Religious Items

The Standard thus editorially eulogizes the late President:—

"The grief of the people knows no distinction of party or section. The loyal heart of the new South feels the blow as keenly as the North. The West mourns with the East. The world sympathizes with the American nation in its loss. President McKinley has unquestionably won the heart of the people more than any president since Lincoln, and the recognition came in his lifetime, as Lincoln's did not. The startling and unprecedented events of his first administration and his popular policy throughout had much to do with this general admiration of Mr. McKinley. But his personal qualities, his apt and stirring public addresses, most of all his hearty and courteous reception of all with whom he came in contact, won for him a kind of affection among multitudes of his supporters seldom accorded to a political leader. He had the confidence of his entire party, and belief in his sincerity and conscientious devotion to duty extended far beyond partisan boundaries. As a man, particularly as a chivalrous and devoted husband, he stood as a high type of Christian statesmanship. His piety was not of a sanctimonious sort, but his frequent public and private utterances touching upon religious subjects showed plainly his warm sympathy with religious and missionary enterprises."

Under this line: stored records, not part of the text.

(* Let $G=(A\cup B,E)$ be a bipartite graph containing distinct vertices $a_1,a_2,a_3,a_4\in A$ and distinct $b_1,b_2\in B$ with $a_1b_1\in E$, $a_2b_1\notin E$, $a_2b_2\in E$, $a_3b_1\in E$, $a_3b_2\notin E$, $a_4b_2\in E$ (the adjacencies $a_1b_2$ and $a_4b_1$ being arbitrary). Then there exists an ordering $\sigma_A$ of $A$ such that $G$ admits no Stick representation in which, ordering the horizontal segments by where they touch the ground line from left to right, the $i$th horizontal segment corresponds to the $i$th vertex of $\sigma_A$.
   Context: A Stick representation of a bipartite graph $G=(A\cup B,E)$ (with $A$ horizontal and $B$ vertical) assigns to each vertex of $A$ a horizontal segment and to each vertex of $B$ a vertical segment such that the left endpoints of all horizontal segments and the bottom endpoints of all vertical segments lie on a fixed ground line $\ell$ of slope $-1$, and a horizontal and a vertical segment intersect if and only if the corresponding vertices are adjacent in $G$. *)

From HB Require Import structures.
From mathcomp Require Import all_boot all_order all_algebra.
From mathcomp Require Import reals.
Set Implicit Arguments. Unset Strict Implicit. Unset Printing Implicit Defensive.
Import Order.TTheory GRing.Theory Num.Theory.
Local Open Scope ring_scope.

(* The ground line l is the line y = -x (slope -1); the point of l with
   abscissa t is (t, -t). *)
Definition on_hseg (R : realType) (xa la : R) (p : R * R) : Prop :=
  p.2 = - xa /\ xa <= p.1 /\ p.1 <= xa + la.

Definition on_vseg (R : realType) (xb lb : R) (p : R * R) : Prop :=
  p.1 = xb /\ - xb <= p.2 /\ p.2 <= - xb + lb.

Definition segs_intersect (R : realType) (xa la xb lb : R) : Prop :=
  exists p : R * R, on_hseg xa la p /\ on_vseg xb lb p.

Definition stick_rep (R : realType) (A B : finType) (E : A -> B -> bool)
  (xA lA : A -> R) (xB lB : B -> R) : Prop :=
  (forall a, 0 < lA a) /\ (forall b, 0 < lB b) /\
  (forall a b, E a b <-> segs_intersect (xA a) (lA a) (xB b) (lB b)).

Definition ordering (A : finType) (s : seq A) : Prop :=
  perm_eq s (enum A).

Definition respects_order (R : realType) (A : finType) (s : seq A)
  (xA : A -> R) : Prop :=
  sorted (fun u v : R => u < v) [seq xA a | a <- s].

From HB Require Import structures.
From mathcomp Require Import all_boot all_order all_algebra.
From mathcomp Require Import reals.
From mathcomp Require Import lra.
Import Order.TTheory GRing.Theory Num.Theory.
Local Open Scope ring_scope.

(* Take any ordering starting with a1, a2, a3, a4.  Since a1 and a3 both meet
   b1 and their left endpoints enclose that of a2, the stick b1 reaches the
   height of a2, so a2 misses b1 only because a2 ends before b1; likewise a3
   ends before b2.  Then b2 <= end(a2) < b1 <= end(a3) < b2, a contradiction. *)

Lemma segs_intersectP (R : realType) (xa la xb lb : R) :
  segs_intersect xa la xb lb <-> [/\ xa <= xb, xb <= xa + la & xb - lb <= xa].
Proof.
split=> [[[p1 p2]] [[/= ? [? ?]] [/= ? [? ?]]] | [? ? ?]]; first by subst; split; lra.
by exists (xb, - xa); rewrite /on_hseg /on_vseg /=; lra.
Qed.

Lemma segs_intersect_reach (R : realType) (xa la xb lb : R) :
  xa <= xb -> xb - lb <= xa -> segs_intersect xa la xb lb <-> xb <= xa + la.
Proof. by move=> ? ?; rewrite segs_intersectP; split=> [[]|] //. Qed.

Lemma stick_rep_not_increasing {R : realType} {A B : finType} {E : A -> B -> bool}
  {xA lA : A -> R} {xB lB : B -> R} {a1 a2 a3 a4 : A} {b1 b2 : B} :
  stick_rep E xA lA xB lB ->
  E a1 b1 -> ~~ E a2 b1 -> E a2 b2 -> E a3 b1 -> ~~ E a3 b2 -> E a4 b2 ->
  ~ [/\ xA a1 < xA a2, xA a2 < xA a3 & xA a3 < xA a4].
Proof.
case=> _ [_ hE] e11 e21 e22 e31 e32 e42 [lt12 lt23 lt34].
have /segs_intersectP[? ? ?] := (hE a1 b1).1 e11.
have /segs_intersectP[? ? ?] := (hE a2 b2).1 e22.
have /segs_intersectP[? ? ?] := (hE a3 b1).1 e31.
have /segs_intersectP[? ? ?] := (hE a4 b2).1 e42.
have a2_ends_before_b1 : xA a2 + lA a2 < xB b1.
  rewrite ltNge; apply: contraNN e21 => ?.
  by apply/hE/segs_intersect_reach => //; lra.
have a3_ends_before_b2 : xA a3 + lA a3 < xB b2.
  rewrite ltNge; apply: contraNN e32 => ?.
  by apply/hE/segs_intersect_reach => //; lra.
lra.
Qed.

Lemma ordering_cat_rest (A : finType) (s : seq A) :
  uniq s -> ordering (s ++ [seq x <- enum A | x \notin s]).
Proof.
move=> s_uniq; apply: uniq_perm.
- rewrite cat_uniq s_uniq filter_uniq ?enum_uniq // andbT.
  by apply/hasPn => x; rewrite mem_filter => /andP[].
- exact: enum_uniq.
- by move=> x; rewrite mem_cat mem_filter mem_enum andbT orbN.
Qed.

Lemma respects_order_catl {R : realType} {A : finType} {s t : seq A}
  {xA : A -> R} :
  respects_order (s ++ t) xA -> respects_order s xA.
Proof. by rewrite /respects_order map_cat => /cat_sorted2[]. Qed.

Theorem mainTheorem7 (R : realType) (A B : finType) (E : A -> B -> bool)
  (a1 a2 a3 a4 : A) (b1 b2 : B) :
  uniq [:: a1; a2; a3; a4] -> b1 != b2 ->
  E a1 b1 -> ~~ E a2 b1 -> E a2 b2 -> E a3 b1 -> ~~ E a3 b2 -> E a4 b2 ->
  exists sigmaA : seq A, ordering sigmaA /\
    ~ (exists (xA lA : A -> R) (xB lB : B -> R),
         stick_rep E xA lA xB lB /\ respects_order sigmaA xA).
Proof.
move=> a_uniq _ e11 e21 e22 e31 e32 e42.
set s := [:: a1; a2; a3; a4].
exists (s ++ [seq x <- enum A | x \notin s]); split; first exact: ordering_cat_rest.
case=> xA [lA [xB [lB [rep /respects_order_catl /and4P[lt12 lt23 lt34 _]]]]].
by apply: (stick_rep_not_increasing rep e11 e21 e22 e31 e32 e42).
Qed.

A writer in The Christian Advocate says regarding the content of spiritual poverty: "Those who have attained most in the kingdom of grace are the ones that are least content to stand still in their present spiritual state. They are ever pressing forward with zeal and earnestness to attain something higher and better in the spiritual life. Not as though I had already attained, but I follow after—I press forward,' is the language of one who had made large attainments in the spiritual life, but who was far from being contented with what he had attained. But the morally and spiritually poor are very well contented to remain as they are, and their content is always proportioned to their spiritual poverty. It is only because they have not much religion or spirituality that they are content to remain as they are. . . . Their content is due to their spiritual poverty. It was a saying of Sir James Mackintosh that 'it is right to be contented with what we have, but never with what we are.' The man who has attained a spiritual state where he is content to remain statuquo, has evidently been caught in a snare of the devil. And here again the best indication of increasing spirituality is a spirit of discontent with present attainments. Men who are perfectly contented with the states in which they are will never aim at or strive after any state that is higher."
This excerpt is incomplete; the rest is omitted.